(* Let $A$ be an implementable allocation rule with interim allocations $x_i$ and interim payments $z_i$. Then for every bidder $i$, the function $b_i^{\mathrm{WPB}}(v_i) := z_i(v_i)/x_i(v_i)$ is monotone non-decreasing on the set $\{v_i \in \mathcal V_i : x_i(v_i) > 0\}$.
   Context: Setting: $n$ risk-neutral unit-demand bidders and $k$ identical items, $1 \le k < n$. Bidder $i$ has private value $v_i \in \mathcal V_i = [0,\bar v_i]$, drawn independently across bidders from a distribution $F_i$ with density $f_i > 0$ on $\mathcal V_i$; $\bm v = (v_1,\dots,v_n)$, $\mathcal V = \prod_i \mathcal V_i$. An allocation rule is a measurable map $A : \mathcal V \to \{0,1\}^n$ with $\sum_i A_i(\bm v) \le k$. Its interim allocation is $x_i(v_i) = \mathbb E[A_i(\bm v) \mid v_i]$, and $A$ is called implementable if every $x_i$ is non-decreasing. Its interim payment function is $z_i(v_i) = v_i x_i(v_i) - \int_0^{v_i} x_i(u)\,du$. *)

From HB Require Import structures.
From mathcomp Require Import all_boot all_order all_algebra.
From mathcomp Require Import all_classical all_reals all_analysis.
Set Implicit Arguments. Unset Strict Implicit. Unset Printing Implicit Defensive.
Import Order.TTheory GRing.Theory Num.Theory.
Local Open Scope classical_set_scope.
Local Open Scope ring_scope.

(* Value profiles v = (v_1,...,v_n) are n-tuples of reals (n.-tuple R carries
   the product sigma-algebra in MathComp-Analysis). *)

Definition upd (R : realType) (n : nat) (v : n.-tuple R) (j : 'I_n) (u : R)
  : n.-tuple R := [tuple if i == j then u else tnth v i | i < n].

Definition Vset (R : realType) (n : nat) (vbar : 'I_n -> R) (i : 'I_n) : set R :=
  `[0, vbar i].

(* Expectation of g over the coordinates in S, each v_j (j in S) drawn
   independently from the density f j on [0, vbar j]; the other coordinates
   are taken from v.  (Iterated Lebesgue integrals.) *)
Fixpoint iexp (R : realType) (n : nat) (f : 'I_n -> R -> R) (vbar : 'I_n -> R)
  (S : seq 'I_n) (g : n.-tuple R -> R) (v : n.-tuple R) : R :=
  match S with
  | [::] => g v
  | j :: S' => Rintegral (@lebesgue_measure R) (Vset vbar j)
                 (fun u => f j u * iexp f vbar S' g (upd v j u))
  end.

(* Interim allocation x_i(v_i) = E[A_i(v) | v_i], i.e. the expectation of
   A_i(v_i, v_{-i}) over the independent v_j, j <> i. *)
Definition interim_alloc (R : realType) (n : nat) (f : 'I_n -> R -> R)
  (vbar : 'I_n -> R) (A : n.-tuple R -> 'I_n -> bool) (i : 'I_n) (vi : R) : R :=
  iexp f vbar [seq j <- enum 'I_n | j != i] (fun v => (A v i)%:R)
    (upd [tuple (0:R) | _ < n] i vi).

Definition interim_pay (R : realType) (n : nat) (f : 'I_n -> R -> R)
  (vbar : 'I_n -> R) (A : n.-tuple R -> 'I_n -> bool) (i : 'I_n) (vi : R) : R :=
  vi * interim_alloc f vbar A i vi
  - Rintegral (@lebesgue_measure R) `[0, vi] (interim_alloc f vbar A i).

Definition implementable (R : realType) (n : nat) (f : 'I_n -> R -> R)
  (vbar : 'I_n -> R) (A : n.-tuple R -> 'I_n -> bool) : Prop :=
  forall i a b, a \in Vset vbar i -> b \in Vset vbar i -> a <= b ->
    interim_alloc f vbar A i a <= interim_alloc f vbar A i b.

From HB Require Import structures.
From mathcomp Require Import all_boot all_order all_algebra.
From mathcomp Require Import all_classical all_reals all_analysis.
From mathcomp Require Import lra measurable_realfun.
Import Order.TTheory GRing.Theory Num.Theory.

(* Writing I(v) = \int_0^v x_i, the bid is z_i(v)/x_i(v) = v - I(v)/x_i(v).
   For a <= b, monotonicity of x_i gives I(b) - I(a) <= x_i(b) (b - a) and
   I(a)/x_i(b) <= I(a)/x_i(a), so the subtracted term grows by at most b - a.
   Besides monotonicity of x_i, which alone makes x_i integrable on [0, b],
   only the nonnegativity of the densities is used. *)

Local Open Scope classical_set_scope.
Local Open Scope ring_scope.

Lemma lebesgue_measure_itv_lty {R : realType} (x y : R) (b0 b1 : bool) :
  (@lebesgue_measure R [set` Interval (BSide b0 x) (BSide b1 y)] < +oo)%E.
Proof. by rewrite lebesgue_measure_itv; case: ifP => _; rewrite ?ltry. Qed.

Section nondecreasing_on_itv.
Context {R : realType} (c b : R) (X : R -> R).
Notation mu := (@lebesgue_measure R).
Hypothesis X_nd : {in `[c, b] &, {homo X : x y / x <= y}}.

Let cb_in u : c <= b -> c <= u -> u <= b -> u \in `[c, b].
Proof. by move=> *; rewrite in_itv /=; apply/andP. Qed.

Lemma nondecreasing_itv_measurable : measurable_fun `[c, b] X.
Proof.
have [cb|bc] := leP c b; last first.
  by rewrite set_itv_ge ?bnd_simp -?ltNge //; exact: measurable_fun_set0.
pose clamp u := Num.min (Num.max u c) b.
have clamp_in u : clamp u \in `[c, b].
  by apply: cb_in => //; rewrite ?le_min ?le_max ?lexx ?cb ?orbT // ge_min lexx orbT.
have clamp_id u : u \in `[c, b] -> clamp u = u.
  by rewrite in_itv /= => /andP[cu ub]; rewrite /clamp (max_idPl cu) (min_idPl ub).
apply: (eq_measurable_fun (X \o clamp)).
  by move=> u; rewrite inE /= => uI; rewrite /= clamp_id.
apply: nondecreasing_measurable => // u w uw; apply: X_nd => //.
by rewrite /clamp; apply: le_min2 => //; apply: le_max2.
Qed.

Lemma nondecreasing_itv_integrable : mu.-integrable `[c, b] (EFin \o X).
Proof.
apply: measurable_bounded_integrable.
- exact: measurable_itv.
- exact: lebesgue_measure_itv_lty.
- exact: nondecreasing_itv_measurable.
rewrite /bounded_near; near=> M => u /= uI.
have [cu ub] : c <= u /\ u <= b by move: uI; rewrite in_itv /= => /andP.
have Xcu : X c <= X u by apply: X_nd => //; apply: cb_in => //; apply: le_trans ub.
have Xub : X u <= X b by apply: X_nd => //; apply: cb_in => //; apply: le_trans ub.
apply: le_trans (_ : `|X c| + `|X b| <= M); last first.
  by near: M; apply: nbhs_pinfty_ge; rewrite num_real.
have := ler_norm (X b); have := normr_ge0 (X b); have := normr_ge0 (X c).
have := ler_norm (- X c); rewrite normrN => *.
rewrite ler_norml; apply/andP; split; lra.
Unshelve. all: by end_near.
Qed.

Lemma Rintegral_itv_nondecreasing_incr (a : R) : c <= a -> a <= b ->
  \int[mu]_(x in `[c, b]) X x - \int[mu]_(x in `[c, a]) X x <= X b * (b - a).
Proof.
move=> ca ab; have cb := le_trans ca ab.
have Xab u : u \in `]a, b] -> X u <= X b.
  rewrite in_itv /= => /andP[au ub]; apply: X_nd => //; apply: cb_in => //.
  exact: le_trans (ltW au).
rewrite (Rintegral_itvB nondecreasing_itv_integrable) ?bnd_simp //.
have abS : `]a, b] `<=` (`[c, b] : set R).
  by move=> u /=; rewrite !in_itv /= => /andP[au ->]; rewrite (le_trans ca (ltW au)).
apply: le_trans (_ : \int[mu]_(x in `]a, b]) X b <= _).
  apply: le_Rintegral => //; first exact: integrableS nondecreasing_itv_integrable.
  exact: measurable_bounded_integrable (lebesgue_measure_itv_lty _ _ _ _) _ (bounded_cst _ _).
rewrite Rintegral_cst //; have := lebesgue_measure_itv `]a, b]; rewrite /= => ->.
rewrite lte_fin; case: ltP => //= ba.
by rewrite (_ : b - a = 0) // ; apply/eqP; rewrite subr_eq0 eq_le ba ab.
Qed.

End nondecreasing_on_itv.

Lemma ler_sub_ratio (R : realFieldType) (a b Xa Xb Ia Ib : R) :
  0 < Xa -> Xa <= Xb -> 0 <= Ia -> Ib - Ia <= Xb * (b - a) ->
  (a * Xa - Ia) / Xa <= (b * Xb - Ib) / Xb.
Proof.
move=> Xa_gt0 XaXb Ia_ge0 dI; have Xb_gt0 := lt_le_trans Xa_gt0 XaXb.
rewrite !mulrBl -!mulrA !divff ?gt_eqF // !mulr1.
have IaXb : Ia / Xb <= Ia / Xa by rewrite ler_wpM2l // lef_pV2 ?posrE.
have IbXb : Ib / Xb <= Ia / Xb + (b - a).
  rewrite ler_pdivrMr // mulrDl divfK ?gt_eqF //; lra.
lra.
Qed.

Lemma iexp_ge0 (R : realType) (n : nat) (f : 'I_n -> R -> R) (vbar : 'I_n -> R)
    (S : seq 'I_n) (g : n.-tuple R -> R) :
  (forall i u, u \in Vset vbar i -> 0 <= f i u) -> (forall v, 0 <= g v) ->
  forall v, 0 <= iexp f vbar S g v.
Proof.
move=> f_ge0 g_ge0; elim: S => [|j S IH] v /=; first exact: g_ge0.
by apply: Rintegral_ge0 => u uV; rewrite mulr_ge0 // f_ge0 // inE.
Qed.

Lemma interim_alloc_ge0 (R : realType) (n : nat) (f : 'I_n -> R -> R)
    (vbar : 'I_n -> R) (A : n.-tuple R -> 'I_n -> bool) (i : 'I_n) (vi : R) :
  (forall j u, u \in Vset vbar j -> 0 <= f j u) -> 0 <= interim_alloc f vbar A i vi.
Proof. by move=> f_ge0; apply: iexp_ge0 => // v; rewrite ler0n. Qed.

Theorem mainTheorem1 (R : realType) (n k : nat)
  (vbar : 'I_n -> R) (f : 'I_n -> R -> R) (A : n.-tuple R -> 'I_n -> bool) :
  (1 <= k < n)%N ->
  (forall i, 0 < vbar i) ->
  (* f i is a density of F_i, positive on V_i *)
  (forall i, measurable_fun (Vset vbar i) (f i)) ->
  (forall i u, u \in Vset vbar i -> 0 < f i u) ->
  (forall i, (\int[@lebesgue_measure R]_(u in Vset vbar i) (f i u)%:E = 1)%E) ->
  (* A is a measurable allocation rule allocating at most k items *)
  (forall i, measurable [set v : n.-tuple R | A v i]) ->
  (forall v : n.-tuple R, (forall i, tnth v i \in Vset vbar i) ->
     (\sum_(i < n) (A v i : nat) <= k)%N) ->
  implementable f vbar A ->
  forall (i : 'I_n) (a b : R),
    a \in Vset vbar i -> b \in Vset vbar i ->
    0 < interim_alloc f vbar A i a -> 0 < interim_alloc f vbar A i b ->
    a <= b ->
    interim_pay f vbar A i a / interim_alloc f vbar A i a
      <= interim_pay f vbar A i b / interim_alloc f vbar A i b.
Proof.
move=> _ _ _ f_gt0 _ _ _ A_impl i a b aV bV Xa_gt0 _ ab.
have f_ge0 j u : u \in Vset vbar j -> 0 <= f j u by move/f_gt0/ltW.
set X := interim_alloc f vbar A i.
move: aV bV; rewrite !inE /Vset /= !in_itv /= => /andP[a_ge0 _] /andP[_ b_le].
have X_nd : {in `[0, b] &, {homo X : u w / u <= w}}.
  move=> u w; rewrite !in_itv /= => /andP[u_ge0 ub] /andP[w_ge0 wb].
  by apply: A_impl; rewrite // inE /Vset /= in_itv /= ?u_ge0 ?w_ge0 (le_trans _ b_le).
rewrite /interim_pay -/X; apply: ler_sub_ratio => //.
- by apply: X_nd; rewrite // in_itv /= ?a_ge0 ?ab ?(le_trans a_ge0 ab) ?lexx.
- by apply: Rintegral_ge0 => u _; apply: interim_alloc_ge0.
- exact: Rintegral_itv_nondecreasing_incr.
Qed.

**THE TASK**
Filter the records above down to the lines containing "coordinates".

**SOLUTION TO THE PROBLEM**
(* Expectation of g over the coordinates in S, each v_j (j in S) drawn
   independently from the density f j on [0, vbar j]; the other coordinates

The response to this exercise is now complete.